如果您知道特定列中的数字永远不会高于32767,则可以使用int16int32并将该列的内存使用量减少75%。

So, assume that the number of cases in each county can’t exceed 32767 — which is not true in real-life — then, we can truncate that column to int16 instead of int64.

因此,假设每个县的案件数量不能超过32767(在现实生活中并非如此),那么我们可以将该列截断为int16而不是int64

Image for post
  • Sparse columns

    稀疏列

If the data has a column or more with lots of empty values stored as NaN you save memory by using a sparse column representation so you won't waste memory storing all those empty values.

如果数据中有一个或多个列,并且有许多空值存储为NaN可以使用稀疏列表示形式来节省内存,这样您就不会浪费存储所有这些空值的内存。

Assume the county column has some NaN values and I just want to skip the rows containing NaN, I can do that easily using sparse series.

假设County列具有一些NaN值,而我只想跳过包含NaN的行,那么我可以使用稀疏序列轻松地做到这一点。

Image for post

有损压缩 (Lossy compression)

What if performing lossless compression wasn’t enough?
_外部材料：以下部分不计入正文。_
Definition compactification : Prop :=
  [/\ sum_compact, sum_hausdorff & sum_dense].

(* the (unique) uniformity of the compact Hausdorff space M +_f W:
   the neighbourhoods of the diagonal in the product topology *)
Definition unif (u : set ((M + W) * (M + W))%type) : Prop :=
  exists O : set ((M + W) * (M + W))%type,
    [/\ O `<=` u, (forall p, O (p, p)) &
        forall a b, O (a, b) -> exists U V,
          [/\ sum_open U, sum_open V, U a, V b &
              forall a' b', U a' -> V b' -> O (a', b')]].

(* an arc is a pair (t, lam) where lam is considered on [0,t] *)
Definition arc_dom (t : R) : set R := [set a | 0 <= a <= t].

Definition arc_image (e : R * (R -> M)) : set M := e.2 @` arc_dom e.1.

Definition coarse_arc (e : R * (R -> M)) : Prop :=
  [/\ 0 <= e.1,
      (forall r : R, exists s : R, forall a b, arc_dom e.1 a -> arc_dom e.1 b ->
          `|a - b| <= r -> mdist (e.2 a) (e.2 b) <= s) &
      (forall r : R, exists s : R, forall a b, arc_dom e.1 a -> arc_dom e.1 b ->
          mdist (e.2 a) (e.2 b) <= r -> `|a - b| <= s)].

Definition arc_between (x y : M) (e : R * (R -> M)) : Prop :=
  coarse_arc e /\ e.2 0 = x /\ e.2 e.1 = y.

Definition equicoarse (Ups : set (R * (R -> M))) : Prop :=
  (forall r : R, exists s : R, forall e a b, Ups e ->
      arc_dom e.1 a -> arc_dom e.1 b ->
      `|a - b| < r -> mdist (e.2 a) (e.2 b) < s) /\
  (forall r : R, exists s : R, forall e a b, Ups e ->
      arc_dom e.1 a -> arc_dom e.1 b ->
      mdist (e.2 a) (e.2 b) < r -> `|a - b| < s).

Definition usmall (u : set ((M + W) * (M + W))%type) (S : set M) : Prop :=
  forall p q, S p -> S q -> u (inl p, inl q).

Definition coarse_Karlsson : Prop :=
  exists Ups : set (R * (R -> M)),
    [/\ (forall e, Ups e -> coarse_arc e),
        equicoarse Ups,
        (forall x y : M, exists2 e, Ups e & arc_between x y e) &
        (forall u, unif u -> exists S : set M, mbounded S /\
            forall e, Ups e -> arc_image e `&` S = set0 ->
              usmall u (arc_image e))].

End Sum.

Definition fstar {X Y : metricType R} (f : set X -> set W) (pi : Y -> X)
  (A : set Y) : set W := closure (f (closure (pi @` A))).

End Defs.

(* Coarse invariance of the boundary: if a closed set A of X lies within
   distance k of a closed set B, then f A ⊆ f B.  Otherwise a point w of
   f A \ f B is separated from the closed set B ∪ f B of X +_f W by disjoint
   open sets N ∋ w and G ⊇ B ∪ f B, and the Karlsson property for the entourage
   generated by G and the complement of B ∪ f B gives a bounded set S.  Since w
   is a limit of points of A, some a ∈ A ∩ N lies far from S; an arc of the
   family from a to a point of B within k of a stays near a, so it misses S and
   is small, which is impossible because its ends lie in N and in B.

   Coarse invariance makes varpi + id : X +_f W -> Y +_f* W continuous, while
   pi + id : Y +_f* W -> X +_f W is continuous by construction of f*.  Closed
   subsets of Y +_f* W missing W are bounded, so compactness of Y +_f* W
   follows from that of X +_f W and properness of Y; Hausdorffness is pulled
   back along pi + id.  The arcs for Y follow varpi applied to the arcs of X up
   to a bounded error, and an entourage of Y +_f* W pulled back along
   varpi + id gives the bounded set required by the Karlsson property. *)

From HB Require Import structures.
From mathcomp Require Import all_boot all_order all_algebra.
From mathcomp Require Import all_classical all_reals all_analysis.
From mathcomp Require Import finmap lra.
What if I need to compress my data even more? In this case, you can use lossy compression, so you sacrifice 100% accuracy in your data for the sake of memory usage.

如果执行无损压缩还不够怎么办? 如果我需要进一步压缩数据怎么办? 在这种情况下,您可以使用有损压缩,因此为了节省内存,您会牺牲100%的数据准确性。
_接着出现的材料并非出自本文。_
(* Let $p>1$ and $h\in C[0,\infty)$ with $h(s)>0$ for $s>0$. Assume that the equation $w''+h(s)|w|^{p-1}w=0$ has a solution $w_0$ on $[0,\infty)$ with $w_0(0)=0$ and $w_0(s)>0$ for $s>0$. Then for all sufficiently large $c>0$ the problem \[ w''+h(s)|w|^{p-1}w=0\ (0<s<c),\quad w(0)=w(c)=0,\quad w(s)>0\ (0<s<c), \] has a solution $w_1$ with $w_1'(0)>w_0'(0)$. *)

From Stdlib Require Import Reals.
From Coquelicot Require Import Coquelicot.
Open Scope R_scope.

Definition pnl (p w : R) : R :=
  if Req_EM_T w 0 then 0 else Rpower (Rabs w) (p - 1) * w.

Definition cont_within (D : R -> Prop) (f : R -> R) (s : R) : Prop :=
  filterlim f (within D (locally s)) (locally (f s)).

(* (w, dw) is a classical solution of  w'' + h(s) |w|^(p-1) w = 0  with
   equation holding on the open set [Dint] and with w, w' = dw continuous up
   to the boundary on the closed set [D] (so dw s at a boundary point is the
   one-sided derivative w'(s)). *)
Definition ode_sol (p : R) (h : R -> R) (D Dint : R -> Prop) (w dw : R -> R)
  : Prop :=
  (forall s, D s -> cont_within D w s /\ cont_within D dw s) /\
  (forall s, Dint s ->
     is_derive w s (dw s) /\ is_derive dw s (- (h s * pnl p (w s)))).

From Stdlib Require Import Reals Lra Lia Psatz Classical.
From Coquelicot Require Import Coquelicot.
Open Scope R_scope.

(** Shoot from the origin.  After cutting the nonlinearity off at a level
    [cutoff] and extending [h] boundedly, the problem [u'' = - h(s) g(u)],
    [u(0) = 0], [u'(0) = lam] is globally Lipschitz: Picard iteration solves
    it on [[0, c + 1]], and Gronwall applied to the energy
    [|u - v|^2 + |u' - v'|^2] makes the solution [u_lam] Lipschitz in [lam]
    and unique, so [u_lam0 = w0] for [lam0 = w0'(0)].  Every [u_lam] is
    concave.  For a large slope [lam_max], [u] is large on [[1, 2]], where the
    superlinear force [h u^p] bends [u'] down by more than [3 u(1)], which a
    positive concave function on [[0, c]] with [c > 3] cannot afford; so
    [u_lam_max] vanishes somewhere in [(0, c]].  At the supremum [ls] of the
    slopes [lam] such that all shots with slopes in [[lam0, lam]] stay
    positive on [(0, c]], continuity in [lam] makes [u_ls] nonnegative but
    not positive there, and concavity rules out an interior zero, so
    [u_ls (c) = 0].  Below the cutoff the truncated and original equations
    coincide. *)

Lemma continuous_of_lipschitz (f : R -> R) (k x : R) : 0 <= k ->
  (forall y, Rabs (f y - f x) <= k * Rabs (y - x)) -> continuous f x.
Proof.
  intros Hk Hl. apply continuity_pt_filterlim.
  intros eps Heps. exists (eps / (k + 1)). split.
  - apply Rdiv_lt_0_compat; lra.
  - intros y [_ Hy]. simpl in *. unfold Rdist in *.
    eapply Rle_lt_trans; [apply Hl|].
    apply Rle_lt_trans with ((k + 1) * Rabs (y - x)).
    + apply Rmult_le_compat_r; [apply Rabs_pos|lra].
    + apply Rlt_le_trans with ((k + 1) * (eps / (k + 1))).
      * apply Rmult_lt_compat_l; lra.
      * right; field; lra.
Qed.

Definition clamp (a b x : R) := Rmax a (Rmin x b).

Lemma clamp_lipschitz a b x y : a <= b ->
  Rabs (clamp a b x - clamp a b y) <= Rabs (x - y).
Proof. intros. unfold clamp, Rmax, Rmin; repeat destruct Rle_dec; split_Rabs; lra. Qed.

Lemma clamp_range a b x : a <= b -> a <= clamp a b x <= b.
Proof. intros. unfold clamp, Rmax, Rmin; repeat destruct Rle_dec; lra. Qed.

Lemma clamp_id a b x : a <= x <= b -> clamp a b x = x.
Proof. intros. unfold clamp, Rmax, Rmin; repeat destruct Rle_dec; lra. Qed.

Lemma continuous_clamp a b x : a <= b -> continuous (clamp a b) x.
Proof.
  intros. apply (continuous_of_lipschitz _ 1); [lra|].
  intros y. rewrite Rmult_1_l. apply clamp_lipschitz; auto.
Qed.

Lemma continuous_comp_cont_within (D : R -> Prop) (g f : R -> R) (x : R) :
  (forall t, D (g t)) -> continuous g x -> cont_within D f (g x) ->
  continuous (fun t => f (g t)) x.
Proof.
  intros HD Hg Hf. unfold continuous.
  eapply filterlim_comp; [|exact Hf].
  intros P HP. unfold filtermap, within in *. specialize (Hg _ HP).
  eapply filter_imp; [|exact Hg]. simpl. intros t Ht. apply Ht, HD.
Qed.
You can perform lossy compression in two ways: modify numeric values and sampling.

您可以通过两种方式执行有损压缩:修改数值和采样。

  • Modifying numeric values: Sometimes, you don’t need full accuracy in your numeric data so that you can truncate them from int64 to int32 or int16.
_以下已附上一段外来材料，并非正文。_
Lemma aligned_norms w0 x y : `|w0| = 1 -> 0 <= x -> 0 <= y ->
  `|A0^* * (x * w0) + A1^* * (y * (w0 / ea))| = al * x + s * be * y /\
  `|B0^* * (x * w0) + B1^* * (y * (w0 / ea))| = s * al * x + be * y.
Proof.
move=> w0_1 x_ge0 y_ge0; have [A1E B0E] := phase_align.
have ea_inv := norm1_invC ea_norm; have ea_neq0 := norm1_neq0 ea_norm.
have cA0 : A0^* = al * (phase A0)^* by rewrite {1}(phaseE A0_neq0) conjC_mul_ge0.
have cA1 : A1^* = `|A1| * (phase A0)^* * ea.
  have A1E' : A1 = `|A1| * phase A0 * ea^* by rewrite -A1E -ea_inv mulfK.
  by rewrite {1}A1E' -mulrA conjC_mul_ge0 // rmorphM /= conjCK mulrA.
have cB1 : B1^* = be * (phase B1)^* by rewrite {1}(phaseE B1_neq0) conjC_mul_ge0.
have cB0 : B0^* = `|B0| * (phase B1)^* * ea^*.
  by rewrite {1}B0E -mulrA conjC_mul_ge0 // rmorphM /= mulrA.
rewrite -normA1E -normB0E; split.
  rewrite cA0 cA1.
  have -> : al * (phase A0)^* * (x * w0) + `|A1| * (phase A0)^* * ea * (y * (w0 / ea)) =
      ((phase A0)^* * w0) * (al * x + `|A1| * y) by field.
  rewrite !normrM norm_conjC phase_norm ?A0_neq0 // w0_1 !mul1r.
  by rewrite ger0_norm // addr_ge0 // mulr_ge0.
rewrite cB0 cB1 -ea_inv.
have -> : `|B0| * (phase B1)^* * ea^-1 * (x * w0) + be * (phase B1)^* * (y * (w0 / ea)) =
    ((phase B1)^* * w0 * ea^-1) * (`|B0| * x + be * y) by field.
rewrite !normrM norm_conjC phase_norm ?B1_neq0 // w0_1 normfV ea_norm invr1 !mul1r.
by rewrite ger0_norm // addr_ge0 // mulr_ge0.
Qed.

Lemma fobj2_le u0 u1 : exists g, [/\ 0 <= g, g <= al * `|u0| + s * be * `|u1|,
  g <= s * al * `|u0| + be * `|u1| & fobj2 u0 u1 = g ^+ 2].
Proof.
rewrite /fobj2; have [g [g_ge0 g_le1 g_le2 ->]] :=
  min_sqr_witness (normr_ge0 (A0^* * u0 + A1^* * u1)) (normr_ge0 (B0^* * u0 + B1^* * u1)).
exists g; split => //.
  apply: le_trans g_le1 (le_trans (ler_normD _ _) _).
  by rewrite !normrM !norm_conjC normA1E.
apply: le_trans g_le2 (le_trans (ler_normD _ _) _).
by rewrite !normrM !norm_conjC normB0E.
Qed.

Lemma is_max2_witness w0 x y v : `|w0| = 1 -> 0 <= x -> 0 <= y ->
  x ^+ 2 + y ^+ 2 = P ->
  Num.min ((al * x + s * be * y) ^+ 2) ((s * al * x + be * y) ^+ 2) = v ->
  (forall p q g, 0 <= p -> 0 <= q -> p ^+ 2 + q ^+ 2 <= P -> 0 <= g ->
     g <= al * p + s * be * q -> g <= s * al * p + be * q -> g ^+ 2 <= v) ->
  is_max2 (x * w0) (y * (w0 / ea)) v.
Proof.
move=> w0_1 x_ge0 y_ge0 xyP xyv bound; split.
- by rewrite !normrM w0_1 normfV ea_norm invr1 !mulr1 !ger0_norm.
- by rewrite /fobj2; have [-> ->] := aligned_norms w0_1 x_ge0 y_ge0.
move=> u0 u1 uP; have [g [g_ge0 g_le1 g_le2 ->]] := fobj2_le u0 u1.
exact: bound (normr_ge0 _) (normr_ge0 _) uP g_ge0 g_le1 g_le2.
Qed.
    修改数值:有时,您不需要数字数据的完全准确性,因此可以将它们从int64截断为int32int16

  • Sampling: Maybe you want to prove that some states have higher COVID cases than others, so you take a sample of some counties to see which states have more cases. Doing that is considered lossy compression because you’re not considering all rows.

    抽样:也许您想证明某些州的COVID病例数比其他州高,因此您对一些县进行抽样,以查看哪些州的病例数更多。 这样做被认为是有损压缩,因为您没有考虑所有行。

技术2:分块 (Technique №2: Chunking)

Another way to handle large datasets is by chunking them. That is cutting a large dataset into smaller chunks and then processing those chunks individually. After all the chunks have been processed, you can compare the results and calculate the final findings.

处理大型数据集的另一种方法是对它们进行分块。 那就是将大数据集切成较小的块,然后分别处理这些块。 处理完所有块后,您可以比较结果并计算最终结果。

This dataset contains 1923 rows.

该数据集包含1923行。

Image for post

Let’s assume I want to find the country with the most number of cases. I can divide my dataset into chunks of 100 rows and process each of them individually and then get the maximum of the smaller results.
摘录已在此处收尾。